The Orientalist’s Stage

An exhibition at Delhi’s Gallery Latitude 28 showcases the unconventional works by US-born photographer Waswo X Waswo 
The Mutiny
The Mutiny

Moving between an American and an Indian identity, and drawing extensively from both, Waswo X Waswo’s career in India has spanned almost two decades. Using the medium of studio photography, he navigates between personal revelation and inspired fantasy. Happy to be accepted into the Indian art scene, he proudly wears the label of an Indian artist. “Yet, my art has long explored the ‘outsiderness’ of the foreigner in India. But home is where the heart is. India, and more specifically Udaipur, is certainly the home of my heart,” says the artist, whose works have covered miniatures, hand-coloured photographs, video, installation and marble sculpture… even a comic book.

The works in his ongoing exhibition—We Are Always Working at the Gallery Latitude 28—are part-portraiture and part-spoof. Reminiscent of old-school photography, there is also a lot of emphasis on skill and craftsmanship, playfulness, satire, and self-critique. “My art tends to deconstruct itself, always going back to something earlier and questioning it. Much of the portraiture in my photography is sincere, and can even be read as homage to the common man,” he says. What stands out in his art is how he always inserts himself into the composed piece. The end result is a satirical, self-abasing humour.

The Curator
The Curator

In the current exhibition, Waswo takes on the real-life form of the well-known ‘fedora man’ from the miniature paintings. This character is both a caricature and also a sort of archetypal ‘Evil Orientalist’. With traditionally hand-painted backdrops, the photographic studio becomes a stage on which Waswo and his models devise a series of tableaux. Little wonder that his composed pieces remind one of theatre performances—akin to street theatre or even traditional nautanki.

The artist says, “The vernacular photography studios that once populated Indian towns and cities is a prominent influence on me. In these studios, young Indian boys or couples could imitate Bollywood stars or otherwise perform on the ‘photographic stage’ to shape a fantasy. I see our studio in the village of Varda, outside Udaipur, in the same manner. I like to think my photography walks a line between the serious and the playful, and also between high art and village vernacular camp.”

Not many know that Waswo once published a book of poetry. Remind him of it and he is quick to play it down, “I’ve been trying hard to kill the ‘poet’ appellation. I self-published a small book of poems nearly 20 years ago. Yet this idea that I am somehow primarily a ‘poet’ keeps cropping up. Maybe the reason for this is that I approach my art and photography in the manner of a poet. The works I make strive for a poetic feel, often seeming like lyrical fragments from a larger narrative. My work exists as a sort of continuing story, and as in all well-written stories, poetry must enter and illuminate it.”

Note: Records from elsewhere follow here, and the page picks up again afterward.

Lemma cabs_comm_term (xi : R -> R[i]) (s : R) : `|s| = 1 -> forall p y,
  cabs (comm_term h a xi s p y) <= K * weight a p * cabs (xi (y - transl h p)).
Proof.
move=> s1 p y; rewrite /comm_term /piA_term !cabsM cabs_expi mulr1.
have factor_le : cabs ((- transl h p)%:C - (s * freq p)%:C * 'i)
                 <= `|p.2%:~R : R| * `|h| + 2 * pi * `|p.1%:~R : R|.
  apply: le_trans (cabs_le_abs_ReIm _) _.
  rewrite /= !mulr0 !mul0r !subr0 !mulr1 !addr0 !sub0r !normrN !normrM s1 mul1r.
  by rewrite (ger0_norm (pi_ge0 R)) normr_nat.
rewrite mulrAC ler_wpM2r ?cabs_ge0 //.
apply: le_trans (ler_wpM2l (cabs_ge0 _) factor_le) _.
rewrite mulrDr [leRHS](_ : _ = `|h| * weight a p + 2 * pi * weight a p); last by rewrite mulrDl.
apply: lerD.
  by rewrite mulrA [_ * `|h|]mulrC ler_wpM2l ?cabs_coeff_transl_le_weight.
rewrite [leLHS](_ : _ = 2 * pi * (cabs (a p.1 p.2) * `|p.1%:~R|)); last by ring.
by rewrite ler_wpM2l ?mulr_ge0 ?pi_ge0 ?cabs_coeff_freq_le_weight.
Qed.

Lemma L2sq_commutator_le (xi : R -> R[i]) (s : R) : schwartz xi -> `|s| = 1 ->
  (L2sq (fun x => (piA h a (opXsD s xi) x - opXsD s (piA h a xi) x)%R)
   <= ((K * wtotal (weight a)) ^+ 2)%:E * L2sq xi)%E.
Proof.
move=> hxi s1; have [B B0 xiB] := schwartz_bounded hxi.
have K0 : 0 <= K by rewrite addr_ge0 // mulr_ge0 // pi_ge0.
have xi_cont : continuous (fun y => cabs (xi y) ^+ 2).
  have [] := is_cderive_continuous (fun y => ex_intro _ _ (schwartz_is_cderive hxi y)).
  exact: continuous_cabs_sqr.
have partial_sum_cont N :
    continuous (fun y => cabs (\sum_(p <- zsquare N) comm_term h a xi s p y) ^+ 2).
  have [] := @is_cderive_continuous _ (fun y => \sum_(p <- zsquare N) comm_term h a xi s p y)
    (fun y => ex_intro _ _ (is_cderive_sum _ (fun p =>
       is_cderiveM (is_cderive_piA_term h a hxi p y) (is_cderive_cst _ y)))).
  exact: continuous_cabs_sqr.
under eq_fun do rewrite (piA_commutator h ha hxi B0 xiB).
exact: (L2sq_series_le (weight_ge0 a) (rapid_coeff_summable ha) B0 (fun y => (xiB y).1)
          xi_cont K0 (cabs_comm_term xi s1) partial_sum_cont).
Qed.

End CommutatorBound.

Lemma opMinusE (R : realType) (f : R -> R[i]) : opMinus f = opXsD (-1) f.
Proof. by apply/funext => y; rewrite /opMinus /opXsD rmorphN1 mulN1r. Qed.

Lemma opPlusE (R : realType) (f : R -> R[i]) : opPlus f = opXsD 1 f.
Proof. by apply/funext => y; rewrite /opPlus /opXsD rmorph1 mul1r. Qed.

Theorem mainTheorem1 (R : realType) (h : R) (a : int -> int -> R[i]) :
  rapid_coeff a ->
  exists C : R, forall xi1 xi2 : R -> R[i], schwartz xi1 -> schwartz xi2 ->
    (L2sq (fun x => ((piA h a (opMinus xi2) x - opMinus (piA h a xi2) x)%R))
     + L2sq (fun x => ((piA h a (opPlus xi1) x - opPlus (piA h a xi1) x)%R))
     <= C%:E * (L2sq xi1 + L2sq xi2))%E.
Proof.
move=> ha; exists (((`|h| + 2 * pi) * wtotal (weight a)) ^+ 2) => xi1 xi2 s1 s2.
rewrite !opMinusE !opPlusE addeC ge0_muleDr ?L2sq_ge0 //.
apply: leeD.
- exact (L2sq_commutator_le h ha s1 (normr1 R)).
- exact (L2sq_commutator_le h ha s2 (normrN1 R)).
Qed.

 The Observationist from  the ‘Stolen Garden Series’
 The Observationist from  the ‘Stolen Garden Series’

The artist also often collaborates with prominent names in Indian contemporary art to add that extra dimension to his photography works. He has collaborated with Rajesh Soni, a third generation Rajasthani hand colourist, for over 14 years. The images that a viewer sees in the present exhibition are all black and white, though they have been hand-coloured by Soni. In this current exhibition R Vijay has also added a few specially painted details that are exquisitely brushed on the photo paper. “For me the finished print is very important, even in this digital age.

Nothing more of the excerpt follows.